When you have clicked on a swarm, three sliders in the right sidebar allow you to specify the ratio of each type of worker the swarm will produce. For example, sliding the worker bar all the way along, the warrior bar halfway along, and leaving the explorer bar completely empty would cause your swarm to produce twice as many workers as warriors, and not to produce any explorers. Zeroing all three bars stops the swarm from making new units.

There is grey bar in the right sidebar directly above the three sliders, which indicates how far the swarm is through creating a unit. When a unit is being created, the bar will fill up with blue. When the bar is completely blue, the new unit is born.

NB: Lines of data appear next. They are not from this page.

Local Open Scope ring_scope.

(* rank w m = r_{m+1} (0-indexed): sum of values of the first m steps;
   the starting rank of step i (0-indexed) is rank w i. *)
Definition rank (w : seq step) (m : nat) : int :=
  \sum_(i < m) value (nth None w i).

Definition rdot (w : seq step) (i : nat) : int := rank w i.+1.

(* w is a k-Dyck path: the red arrows, read left to right, are
   S^{k_1}, ..., S^{k_n}; there are |k| blue arrows; all ranks r_1..r_{N+1} >= 0.
   (k is assumed to consist of positive integers separately.) *)
Definition is_Dyck (k : seq nat) (w : seq step) : bool :=
  [&& pmap id w == k,
      count (pred1 None) w == sumn k &
      all (fun m => 0 <= rank w m) (iota 0 (size w).+1)].

Definition sweep_le (w : seq step) (i j : nat) : bool :=
  (rank w i < rank w j) || ((rank w i == rank w j) && (j <= i)%N).

Definition sweep (w : seq step) : seq step :=
  [seq nth None w i | i <- sort (sweep_le w) (iota 0 (size w))].

Definition area (w : seq step) : int :=
  \sum_(i < size w | is_red (nth None w i)) rank w i.

Definition sweep_dinv (w : seq step) : int :=
  \sum_(i < size w) \sum_(j < size w |
      [&& (i < j)%N, nth None w i == None, is_red (nth None w j) &
          (rank w j <= rank w i <= rdot w j)]) 1.

Definition red_dinv (w : seq step) : int :=
  \sum_(i < size w) \sum_(j < size w |
      [&& (i < j)%N, is_red (nth None w i) & is_red (nth None w j)])
    ((if (rank w j <= rank w i) && (rdot w i < rdot w j)
      then rdot w j - rdot w i else 0)
   + (if (rank w i < rank w j) && (rdot w j < rdot w i)
      then rdot w i - rdot w j else 0)).

Definition dinv (w : seq step) : int := sweep_dinv w + red_dinv w.

Definition swap_adj (w : seq step) (s : nat) : seq step :=
  take s w ++ [:: nth None w s.+1; nth None w s] ++ drop s.+2 w.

This building cannot be upgraded

  • Size: 4x4 squares
  • Production cost: 35 wheat
  • Strength: 700 hit points (automatically regenerates)
  • Armour: none
  • Storage capacity: 20 wheat

Swimming Pool

Teaches workers and warriors to swim. Since globs can't swim at all without training, level one swimming pools teach swim(1), level two pools teach swim(2), and so on.

Pools.png

Level one

  • Size: 6x6 squares
  • Production cost: 8 wood
  • Strength: 675 hit points
  • Armour: none
  • Unit capacity: 2 creatures

Level two

  • Size: 8x8 squares
  • Upgrade cost: 12 wood, 6 wheat
  • Strength: 1000 hit points
  • Armour: none
  • Unit capacity: 4 creatures

Level three

  • Size: 8x8 squares
  • Upgrade cost: 8 wood, 4 wheat, 6 stone, 8 algae
  • Strength: 1500 hit points
  • Armour: 12
  • Unit capacity: 6 creatures

Building strategy

  • Try to give your buildings enough space for future growth. Remember that nearby forests and fields can grow around your buildings, and are very difficult to clear out later on.
  • Try not to create narrow alleyways between your buildings - they can easily fill up with globs that can't get out. If you do find alleyways developing, try blocking them off with forbidden areas.
  • In general, the more a route is used, the wider the path between the points on it needs to be. When you start designing your town, try to think about how large it will grow by the end of the game.
  • Try building four small buildings back-to-back. This can save space and reduce the amount of walking your globs need to do without making it too hard for globs to get in and out of the buildings.
  • Try to build buildings near to the resources they will need during construction and during use, so that your workers can make best use of their time.
  • If you have to build buildings far from resources (or if your resources recede due to over-farming), you will need to assign more workers to it because of the extra time they spend travelling.
  • Make sure your workers can get to enough resources before upgrading a building - they will happily wander into enemy territory to pick up resources if they have to.
  • Be especially careful about upgrading your school and swimming pool at the same time. You need algae to upgrade the school and trained workers to upgrade the pool, so if you only have one of each, development could become deadlocked. If you fall into this trap, you will have to cancel one upgrade and restart it when the other is finished.
  • Build several of each type of structure. You'll be able to train more globs at a time, continue training in one while the other is being upgraded, and have a spare in case one is attacked.
  • If you manage to convert skilled enemy workers, you might be able to upgrade buildings beyond the level you can train your own workers for. Be careful though, because you will have only one or two workers that can work on these buildings.
  • Workers can only upgrade buildings to a level equal to their level of building skill. Don't start too many upgrades until most of your workers can work at that level (you can check skill levels in the statistics? menu).
  • Make sure to build enough inns for all your globs. If you have too few inns, globs can start to starve or convert to other teams. Worse still, you could wind up with so many hungry globs that your few well fed workers will spend all their time just keeping up with the demand for wheat.